Whitespace: some encoders insert line breaks every 76 characters (a holdover from email). Most decoders ignore them, some do not. If your string fails to decode, strip whitespace first.
Mixed alphabets: if a string has both + (standard base64) and - (base64url), it is corrupt. The two alphabets do not mix. Pick one and stick to it.
Hex case: hex is case insensitive in most parsers but conventionally written in lowercase. Some systems insist on lowercase, some on uppercase. When in doubt, lowercase.

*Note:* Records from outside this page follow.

Lemma atom_quadratic_eq M s k t : 0 < M -> 0 < s -> (1 <= k)%nat ->
  t ^ 2 * c_atom M k + 2 * t * u_atom M s k + 2 * th_atom M s k
  = ((M - 1) * INR k - 1) * M ^ k
    * ((t + 1 - (s / M) ^ k) ^ 2
       + (1 - ((s / M) ^ k) ^ 2 - 2 * INR k * (s / M) ^ k * (1 - s / M))).
Proof.
  intros HM Hs Hk.
  assert (E1 : INR k * s ^ (k - 1) = INR k * s ^ k / s)
    by (rewrite <- mul_deriv_term; field; lra).
  assert (E2 : INR k * INR (k - 1) * s ^ (k - 2) = INR k * (INR k - 1) * s ^ k / s ^ 2)
    by (rewrite <- sqr_mul_deriv2_term; field; lra).
  assert (HMk : M ^ k <> 0) by (apply pow_nonzero; lra).
  unfold c_atom, u_atom, th_atom. rewrite E1, E2, pow_i by lia.
  unfold Rdiv. rewrite Rpow_mult_distr, pow_inv. field. lra.
Qed.

Lemma atom_quadratic_nonneg M s k t : 2 <= M -> 0 < s < M ->
  0 <= t ^ 2 * c_atom M k + 2 * t * u_atom M s k + 2 * th_atom M s k.
Proof.
  intros HM Hs. destruct k as [|k].
  - apply Req_le. unfold c_atom, u_atom, th_atom. simpl. ring.
  - rewrite atom_quadratic_eq by (lra || lia).
    assert (Hx : 0 <= s / M <= 1).
    { assert (s / M * M = s) by (field; lra). split; nra. }
    pose proof (two_mul_pow_le_one_sub_sqr_pow (s / M) (S k) Hx).
    assert (HK : 0 <= (M - 1) * INR (S k) - 1) by (rewrite S_INR; pose proof (pos_INR k); nra).
    assert (0 < M ^ S k) by (apply pow_lt; lra).
    apply Rmult_le_pos; [apply Rmult_le_pos; lra|].
    pose proof (pow2_ge_0 (t + 1 - (s / M) ^ S k)). lra.
Qed.

Lemma c_atom_nonneg M k : 2 <= M -> 0 <= c_atom M k.
Proof.
  intros HM. unfold c_atom. destruct k as [|k]; [simpl; lra|].
  rewrite pow_i by lia.
  replace (0 + _) with (((M - 1) * INR (S k) - 1) * M ^ S k) by ring.
  apply Rmult_le_pos; [rewrite S_INR; pose proof (pos_INR k); nra | apply pow_le; lra].
Qed.

Lemma discriminant_le C U T :
  (forall t, 0 <= t ^ 2 * C + 2 * t * U + 2 * T) -> 0 <= C -> U ^ 2 <= 2 * C * T.
Proof.
  intros Hq HC. destruct (Req_dec C 0) as [HC0|HC0].
  - subst C. destruct (Req_dec U 0) as [HU0|HU0].
    + subst U. specialize (Hq 0). nra.
    + specialize (Hq (- (T + 1) / U)).
      replace (2 * (- (T + 1) / U) * U) with (- 2 * (T + 1)) in Hq by (field; exact HU0).
      nra.
  - specialize (Hq (- U / C)).
    replace ((- U / C) ^ 2 * C + 2 * (- U / C) * U + 2 * T)
      with ((2 * C * T - U ^ 2) / C) in Hq by (field; exact HC0).
    assert (0 <= (2 * C * T - U ^ 2) / C * C) by (apply Rmult_le_pos; lra).
    replace ((2 * C * T - U ^ 2) / C * C) with (2 * C * T - U ^ 2) in * by (field; exact HC0).
    lra.
Qed.

Section Expectations.

Variables (M s : R) (mu : nat -> R).
Hypotheses (HM : 2 <= M) (Hs : 0 < s < M) (Hmu : has_moments M mu).

Lemma summable_pow_M : summable mu (fun k => M ^ k).
Proof. apply Hmu. Qed.

Lemma summable_mul_pow_M : summable mu (fun k => INR k * M ^ k).
Proof. apply Hmu. Qed.

Lemma summable_of_bound f C1 C2 :
  (forall k, 0 <= f k <= C1 * M ^ k + C2 * (INR k * M ^ k)) -> summable mu f.
Proof.
  intros Hf. apply (summable_le _ _ (fun k => C1 * M ^ k + C2 * (INR k * M ^ k))).
  - intros k. pose proof (proj1 Hmu k). specialize (Hf k).
    split; [apply Rmult_le_pos | apply Rmult_le_compat_l]; lra.
  - apply summable_plus; apply summable_scal; apply Hmu.
Qed.

Lemma summable_pow_0 : summable mu (fun k => 0 ^ k).
Proof.
  apply (summable_of_bound _ 1 0). intros k.
  assert (0 ^ k <= M ^ k) by (apply pow_incr; lra).
  split; [apply pow_le|]; lra.
Qed.

Lemma summable_pow_s : summable mu (fun k => s ^ k).
Proof.
  apply (summable_of_bound _ 1 0). intros k.
  assert (s ^ k <= M ^ k) by (apply pow_incr; lra).
  split; [apply pow_le|]; lra.
Qed.

Lemma summable_deriv_term : summable mu (fun k => INR k * s ^ (k - 1)).
Proof.
  apply (summable_of_bound _ 0 (/ s)). intros k.
  assert (Hk : INR k * s ^ k <= INR k * M ^ k)
    by (apply Rmult_le_compat_l; [apply pos_INR | apply pow_incr; lra]).
  replace (INR k * s ^ (k - 1)) with (/ s * (INR k * s ^ k))
    by (rewrite <- mul_deriv_term; field; lra).
  assert (0 < / s) by (apply Rinv_0_lt_compat; lra).
  assert (0 <= INR k * s ^ k) by (apply Rmult_le_pos; [apply pos_INR | apply pow_le; lra]).
  split; nra.
Qed.

(* With [x = s/M]: [s^2 k (k-1) s^(k-2) = k M^k (k-1) x^k] and [k x^k <= 1/(1-x)]. *)
Lemma summable_deriv2_term : summable mu (fun k => INR k * INR (k - 1) * s ^ (k - 2)).
Proof.
  set (x := s / M).
  assert (Hx : 0 < x < 1) by (assert (x * M = s) by (unfold x; field; lra); split; nra).
  apply (summable_of_bound _ 0 (/ (s ^ 2 * (1 - x)))). intros k.
  assert (Hs2 : 0 < s ^ 2) by nra.
  replace (INR k * INR (k - 1) * s ^ (k - 2))
    with (/ s ^ 2 * (INR k * (INR k - 1) * s ^ k))
    by (rewrite <- sqr_mul_deriv2_term; field; lra).
  assert (Hsk : s ^ k = x ^ k * M ^ k)
    by (rewrite <- Rpow_mult_distr; f_equal; unfold x; field; lra).
  pose proof (mul_pow_le_one_sub_pow x k ltac:(lra)).
  pose proof (pow_le_one x k ltac:(lra)).
  assert (Hkx : INR k * x ^ k <= / (1 - x)).
  { apply (Rmult_le_reg_r (1 - x)); [lra|]. rewrite Rinv_l by lra. nra. }
  assert (HkM : 0 <= INR k * M ^ k) by (apply Rmult_le_pos; [apply pos_INR | apply pow_le; lra]).
  assert (Hkk : 0 <= INR k * (INR k - 1))
    by (destruct k as [|k]; [simpl; lra | rewrite S_INR; pose proof (pos_INR k); nra]).
  assert (HY : 0 <= INR k * (INR k - 1) * s ^ k <= / (1 - x) * (INR k * M ^ k)).
  { rewrite Hsk. assert (0 <= M ^ k) by (apply pow_le; lra).
    split; [apply Rmult_le_pos; [|apply Rmult_le_pos]; lra|].
    replace (INR k * (INR k - 1) * (x ^ k * M ^ k))
      with ((INR k * M ^ k) * ((INR k - 1) * x ^ k)) by ring.
    rewrite (Rmult_comm (/ (1 - x))). apply Rmult_le_compat_l; lra. }
  assert (0 < / s ^ 2) by (apply Rinv_0_lt_compat; lra).
  rewrite Rinv_mult, Rmult_0_l, Rplus_0_l, (Rmult_assoc (/ s ^ 2)).
  split; [apply Rmult_le_pos | apply Rmult_le_compat_l]; lra.
Qed.

Local Hint Resolve summable_plus summable_minus summable_scal
  summable_pow_M summable_mul_pow_M summable_pow_0 summable_pow_s
  summable_deriv_term summable_deriv2_term : summable.

Lemma summable_c_atom : summable mu (c_atom M).
Proof. unfold c_atom. auto 10 with summable. Qed.

Lemma summable_u_atom : summable mu (u_atom M s).
Proof. unfold u_atom. auto 10 with summable. Qed.

Lemma summable_th_atom : summable mu (th_atom M s).
Proof. unfold th_atom. auto 10 with summable. Qed.

Local Hint Resolve summable_c_atom summable_u_atom summable_th_atom : summable.

Lemma expect_c_atom : expect mu (c_atom M)
  = expect mu (fun k => 0 ^ k)
    + ((M - 1) * expect mu (fun k => INR k * M ^ k) - expect mu (fun k => M ^ k)).
Proof.
  unfold c_atom. rewrite expect_plus, expect_minus, expect_scal; auto 10 with summable.
Qed.

Lemma expect_u_atom : expect mu (u_atom M s)
  = ((M - 1) * expect mu (fun k => INR k * M ^ k) - expect mu (fun k => M ^ k))
    - ((M - 1) * s * expect mu (fun k => INR k * s ^ (k - 1)) - expect mu (fun k => s ^ k)).
Proof.
  unfold u_atom. rewrite !expect_minus, !expect_scal; auto 10 with summable.
Qed.

Lemma expect_th_atom : expect mu (th_atom M s)
  = (expect mu (fun k => s ^ k) - s * (s - 1) * expect mu (fun k => INR k * s ^ (k - 1)))
    - (M - 1) * (M - s) / M
        * (2 * s * expect mu (fun k => INR k * s ^ (k - 1))
           + s ^ 2 * expect mu (fun k => INR k * INR (k - 1) * s ^ (k - 2)))
    + ((M - 1) * expect mu (fun k => INR k * M ^ k) - expect mu (fun k => M ^ k)).
Proof.
  unfold th_atom.
  rewrite expect_plus, !expect_minus, !expect_scal, expect_plus, !expect_scal;
    auto 10 with summable.
Qed.

Lemma expect_atoms_discriminant :
  expect mu (u_atom M s) ^ 2 <= 2 * expect mu (c_atom M) * expect mu (th_atom M s).
Proof.
  destruct Hmu as [Hmu0 _].
  apply discriminant_le.
  - intros t.
    rewrite <- (expect_scal _ (t ^ 2)), <- (expect_scal _ (2 * t)), <- (expect_scal _ 2),
      <- expect_plus, <- expect_plus; auto 10 with summable.
    apply expect_nonneg; [|auto 10 with summable].
    intros k. apply Rmult_le_pos; [apply Hmu0 | apply atom_quadratic_nonneg; assumption].
  - apply expect_nonneg; [|auto 10 with summable].
    intros k. apply Rmult_le_pos; [apply Hmu0 | apply c_atom_nonneg; assumption].
Qed.

End Expectations.

Lemma has_moments_of_law M q : 1 <= M -> is_law q -> q 0%nat = 0 ->
  summable q (fun k => INR k * M ^ k) -> has_moments M q.
Proof.
  intros HM [Hq _] Hq0 Hmom. split; [exact Hq | split; [|exact Hmom]].
  apply (summable_le _ _ (fun k => INR k * M ^ k)); [intros [|k] | exact Hmom].
  - rewrite Hq0. lra.
  - assert (1 <= INR (S k)) by (apply (le_INR 1); lia).
    assert (0 <= M ^ S k) by (apply pow_le; lra).
    split; [apply Rmult_le_pos | apply Rmult_le_compat_l]; auto; nra.
Qed.

Lemma p_crit_pos m q : (2 <= m)%nat -> has_moments (INR m) q -> q 0%nat = 0 ->
  0 < p_crit m q.
Proof.
  intros hm [Hq0 [_ Hmom]] Hq00.
  assert (HM : 2 <= INR m) by (apply (le_INR 2); exact hm).
  assert (Hterm : forall k, 0 <= q k * (((INR m - 1) * INR k - 1) * INR m ^ k)
                              <= q k * ((INR m - 1) * (INR k * INR m ^ k))).
  { intros [|k]; [rewrite Hq00; lra|].
    assert (1 <= INR (S k)) by (apply (le_INR 1); lia).
    assert (0 <= INR m ^ S k) by (apply pow_le; lra).
    split; [apply Rmult_le_pos | apply Rmult_le_compat_l]; auto; [apply Rmult_le_pos|]; nra. }
  assert (0 <= expect q (fun k => ((INR m - 1) * INR k - 1) * INR m ^ k)).
  { apply expect_nonneg; [apply Hterm|].
    exact (summable_le _ _ _ Hterm (summable_scal _ _ _ Hmom)). }
  unfold p_crit. apply Rdiv_lt_0_compat; lra.
Qed.

Theorem lemma3p4 (m : nat) (hm : (2 <= m)%nat) (q : nat -> R)
  (hq : is_law q) (hq0 : q 0%nat = 0)
  (hq2 : exists k, (2 <= k)%nat /\ 0 < q k)
  (hmom : exists l, infinite_sum (fun k => q k * (INR k * INR m ^ k)) l)
  (p : R) (hp1 : p <= 1) (hpc : p_crit m q < p)
  (n : nat) (s : R) (hs : 0 < s < INR m) :
  (delta_n m (init_law p q) n - phi_n m (init_law p q) n s) ^ 2
  <= 2 * (Hn m (init_law p q) n 0 + delta_n m (init_law p q) n)
       * Theta_n m (init_law p q) n s.
Proof.
  assert (HM : 2 <= INR m) by (apply (le_INR 2); exact hm).
  assert (Hq : has_moments (INR m) q).
  { apply has_moments_of_law; [lra | exact hq | exact hq0 |].
    destruct hmom as [l Hl]. exists l. apply is_series_Reals, Hl. }
  assert (Hp : 0 <= p) by (pose proof (p_crit_pos m q hm Hq hq0); lra).
  assert (Hlaw : has_moments (INR m) (law m (init_law p q) n)).
  { apply has_moments_law; [lra|].
    apply (has_moments_ext _ (fun k => (1 - p) * dirac0 k + p * q k)).
    - intros k. unfold init_law, dirac0. destruct (Nat.eqb k 0); ring.
    - apply has_moments_mix; [lra | lra | apply has_moments_dirac0 | exact Hq]. }
  unfold delta_n, phi_n, Theta_n, Hn, dHn, d2Hn.
  rewrite <- expect_c_atom, <- expect_u_atom, <- expect_th_atom by assumption.
  apply expect_atoms_discriminant; assumption.
Qed.
Lemma det_coef_top k (M : 'M[{poly K}]_k) (d : 'I_k -> nat) :
  (forall i j, size (M i j) <= (d i).+1)%N ->
  (size (\det M) <= (\sum_i d i).+1)%N /\
  (\det M)`_(\sum_i d i)%N = \det (\matrix_(i, j) (M i j)`_(d i)).
Proof.
move=> sM; have top (s : 'S_k) :=
  @prod_coef_top _ (index_enum 'I_k) (fun i => M i (s i)) d (fun i => sM i (s i)).
split.
  apply/leq_sizeP => j hj; rewrite coef_sum big1 // => s _.
  rewrite mulr_sign; case: ifP => _; rewrite ?coefN nth_default ?oppr0 //;
  by apply: leq_trans hj; case: (top s).
rewrite coef_sum; apply: eq_bigr => s _; rewrite !mulr_sign.
by case: ifP => _; rewrite ?coefN (proj2 (top s)); [congr (- _)|];
  apply: eq_bigr => i _; rewrite mxE.
Qed.

Lemma size_leq_coef0 p N : (size p <= N.+1)%N -> p`_N = 0 -> (size p <= N)%N.
Proof.
move=> le pN; rewrite leqNgt; apply/negP => lt.
have e : size p = N.+1 by apply/eqP; rewrite eqn_leq le lt.
have /eqP : lead_coef p = 0 by rewrite lead_coefE e.
by rewrite lead_coef_eq0 => /eqP p0; move: e; rewrite p0 size_poly0.
Qed.

Lemma size_sub_monic p q :
  p \is monic -> q \is monic -> size p = size q -> (size (p - q)%R < size p)%N.
Proof.
move=> mp mq e; have sp : (0 < size p)%N by rewrite size_poly_gt0 monic_neq0.
rewrite -(prednK sp) ltnS; apply: size_leq_coef0.
  by rewrite prednK // (leq_trans (size_add _ _)) // size_opp -e maxnn.
by rewrite coefB {2}e -!lead_coefE (monicP mp) (monicP mq) subrr.
Qed.

Lemma size_le_rsize k n (M : 'M[{poly K}]_(k, n)) i j : (size (M i j) <= rsize M i)%N.
Proof. exact: leq_bigmax. Qed.

Lemma rsize_row k n (M : 'M[{poly K}]_(k, n)) i : rsize M i = rsize (row i M) 0.
Proof. by apply: eq_bigr => j _; rewrite mxE. Qed.

Lemma rsize_eq0 n (v : 'rV[{poly K}]_n) : (rsize v 0 == 0%N) = (v == 0).
Proof.
apply/idP/eqP => [v0|->]; last first.
  by rewrite -leqn0; apply/bigmax_leqP => j _; rewrite mxE size_poly0.
apply/rowP => j; apply/eqP; rewrite mxE -size_poly_eq0 -leqn0.
by have := size_le_rsize v 0 j; rewrite (eqP v0).
Qed.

The trailing newline: pasting a hash from a terminal often includes a trailing \n. Most decoders strip it, some do not. If your hash compares fail, check for invisible newlines.
A quick reference
// Hex
const buf = new Uint8Array([0xde, 0xad, 0xbe, 0xef]);
const hex = [...buf].map(b => b.toString(16).padStart(2, "0")).join("");
// "deadbeef"
// Base64 standard
const b64 = btoa(String.fromCharCode(...buf));
// "3q2+7w=="
// Base64url unpadded
const b64url = b64.replace(/\+/g, "-").replace(/\//g, "_").replace(/=+$/, "");
// "3q2-7w"
For the reverse, atob() decodes standard base64 in the browser. For base64url, swap the characters back before calling atob().
The base64 encoder, the hash generator and the URL encoder on AldeaCode all run in your browser, no upload, no log. Two rules end most encoding bugs: pick base64url for anything URL adjacent, pick hex for anything humans will read.